- Exercise prompt
Each line below with the word "move" needs to be copied.

Dataset entries
Theorem lemma6p7 (R : realType) (gamma b : R) :
  1 <= gamma -> 0 < b ->
  let kappa := gamma `^ (1 / 4) in
  0 < hfun (kappa ^+ 2 - 1) ->
  kappa ^+ 2 / hfun (kappa ^+ 2 - 1) < b ->
  exists eps nu : R, 0 < eps /\ 0 < nu /\
    exists M : nat, forall m : nat, (M <= m)%N ->
      let n := nfloor gamma m in
      let N := (n + m)%N in
      let d := b * ln (N%:R : R) in
      let p := d / Num.sqrt (m%:R * n%:R) in
      1 - (N%:R : R) `^ (- nu) <=
        gprob p (fun G : bgraph n m =>
          let A := 1%:M - d^-1 *: Dmat1 R G in
          (A \in unitmx) && (opnorm (invmx A) <= eps^-1)).
Proof.
move=> g1 b0 kappa; have g0 : 0 <= gamma by apply: le_trans g1.
have a_sqr : kappa ^+ 2 ^+ 2 = gamma := sqr_sqr_powR_quarter g0.
set a := kappa ^+ 2 in a_sqr *.
have a_ge0 : 0 <= a := sqr_ge0 kappa.
have a1 : 1 <= a by nra.
have a0 : 0 < a by apply: lt_le_trans a1.
rewrite hfun_subr1 ?gt_eqF // => ac0 hb.
have c0 : 0 < ln a - (a - 1) / a by rewrite -(pmulr_rgt0 _ a0).
have rate : 1 < b * (ln a - (a - 1) / a).
  by move: hb; rewrite invfM mulrA divff ?gt_eqF // mul1r -div1r ltr_pdivrMr.
exists (tail_eps a b), (tail_nu a b).
split; first exact: tail_eps_gt0.
split; first exact: tail_nu_gt0.
exists (tail_threshold a b) => m m_large.
apply: invmx_bounded_whp => //; first exact: nfloor_ge.
by rewrite a_sqr nfloor_gt.
Qed.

- Exercise answer
move=> g1 b0 kappa; have g0 : 0 <= gamma by apply: le_trans g1.
  by move: hb; rewrite invfM mulrA divff ?gt_eqF // mul1r -div1r ltr_pdivrMr.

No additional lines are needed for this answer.